↓
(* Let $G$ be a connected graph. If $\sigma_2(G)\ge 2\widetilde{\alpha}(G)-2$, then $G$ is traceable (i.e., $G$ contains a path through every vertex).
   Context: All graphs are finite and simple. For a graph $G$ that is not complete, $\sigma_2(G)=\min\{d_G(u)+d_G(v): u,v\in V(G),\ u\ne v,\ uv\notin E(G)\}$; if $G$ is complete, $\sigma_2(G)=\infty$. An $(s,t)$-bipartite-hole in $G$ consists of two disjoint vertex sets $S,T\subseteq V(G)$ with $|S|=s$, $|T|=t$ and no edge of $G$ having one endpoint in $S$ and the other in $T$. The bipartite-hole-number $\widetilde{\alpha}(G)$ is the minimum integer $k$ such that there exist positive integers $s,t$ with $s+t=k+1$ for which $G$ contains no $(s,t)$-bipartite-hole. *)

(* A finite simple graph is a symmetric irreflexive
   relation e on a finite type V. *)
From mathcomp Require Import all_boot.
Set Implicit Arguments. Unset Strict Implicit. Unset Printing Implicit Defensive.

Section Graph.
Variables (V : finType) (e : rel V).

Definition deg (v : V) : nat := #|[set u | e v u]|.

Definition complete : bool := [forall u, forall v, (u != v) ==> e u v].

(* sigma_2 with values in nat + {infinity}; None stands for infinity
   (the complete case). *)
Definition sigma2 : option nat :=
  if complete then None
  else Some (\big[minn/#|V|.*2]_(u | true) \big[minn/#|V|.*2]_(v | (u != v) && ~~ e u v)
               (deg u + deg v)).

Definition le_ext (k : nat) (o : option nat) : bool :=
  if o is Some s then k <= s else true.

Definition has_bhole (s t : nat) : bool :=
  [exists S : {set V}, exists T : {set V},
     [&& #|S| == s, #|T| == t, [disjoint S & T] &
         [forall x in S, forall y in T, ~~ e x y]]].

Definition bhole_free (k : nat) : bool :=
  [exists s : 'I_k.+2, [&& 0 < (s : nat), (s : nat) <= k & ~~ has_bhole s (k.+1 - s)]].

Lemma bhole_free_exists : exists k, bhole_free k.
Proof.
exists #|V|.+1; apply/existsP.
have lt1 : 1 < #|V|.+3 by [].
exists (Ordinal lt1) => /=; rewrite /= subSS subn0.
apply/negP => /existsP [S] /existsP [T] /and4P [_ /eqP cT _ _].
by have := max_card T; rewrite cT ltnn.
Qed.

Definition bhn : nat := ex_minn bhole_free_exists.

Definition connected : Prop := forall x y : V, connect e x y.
↑
↓
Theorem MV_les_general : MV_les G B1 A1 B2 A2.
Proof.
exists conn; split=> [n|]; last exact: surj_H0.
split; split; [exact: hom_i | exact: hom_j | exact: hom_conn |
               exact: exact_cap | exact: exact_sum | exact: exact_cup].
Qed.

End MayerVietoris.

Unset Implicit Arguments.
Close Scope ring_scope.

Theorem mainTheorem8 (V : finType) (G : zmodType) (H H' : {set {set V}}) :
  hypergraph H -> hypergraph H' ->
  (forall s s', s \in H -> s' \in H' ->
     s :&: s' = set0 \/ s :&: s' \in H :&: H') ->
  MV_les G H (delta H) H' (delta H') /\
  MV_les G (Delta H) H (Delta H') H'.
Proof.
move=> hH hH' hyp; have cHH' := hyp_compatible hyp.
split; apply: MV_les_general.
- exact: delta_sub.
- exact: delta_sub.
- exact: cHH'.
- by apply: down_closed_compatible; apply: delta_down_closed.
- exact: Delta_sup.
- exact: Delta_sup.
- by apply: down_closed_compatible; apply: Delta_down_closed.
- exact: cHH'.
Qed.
↑
HOW TO COMPLETE THIS TASK. Given the records above, return exactly the lines starting at the line containing "Definition complete : bool" and ending at the line containing "[exists s : 'I_k.+2, [&&", including both.

EXERCISE RESULT.
Definition complete : bool := [forall u, forall v, (u != v) ==> e u v].

(* sigma_2 with values in nat + {infinity}; None stands for infinity
   (the complete case). *)
Definition sigma2 : option nat :=
  if complete then None
  else Some (\big[minn/#|V|.*2]_(u | true) \big[minn/#|V|.*2]_(v | (u != v) && ~~ e u v)
               (deg u + deg v)).

Definition le_ext (k : nat) (o : option nat) : bool :=
  if o is Some s then k <= s else true.

Definition has_bhole (s t : nat) : bool :=
  [exists S : {set V}, exists T : {set V},
     [&& #|S| == s, #|T| == t, [disjoint S & T] &
         [forall x in S, forall y in T, ~~ e x y]]].

Definition bhole_free (k : nat) : bool :=
  [exists s : 'I_k.+2, [&& 0 < (s : nat), (s : nat) <= k & ~~ has_bhole s (k.+1 - s)]].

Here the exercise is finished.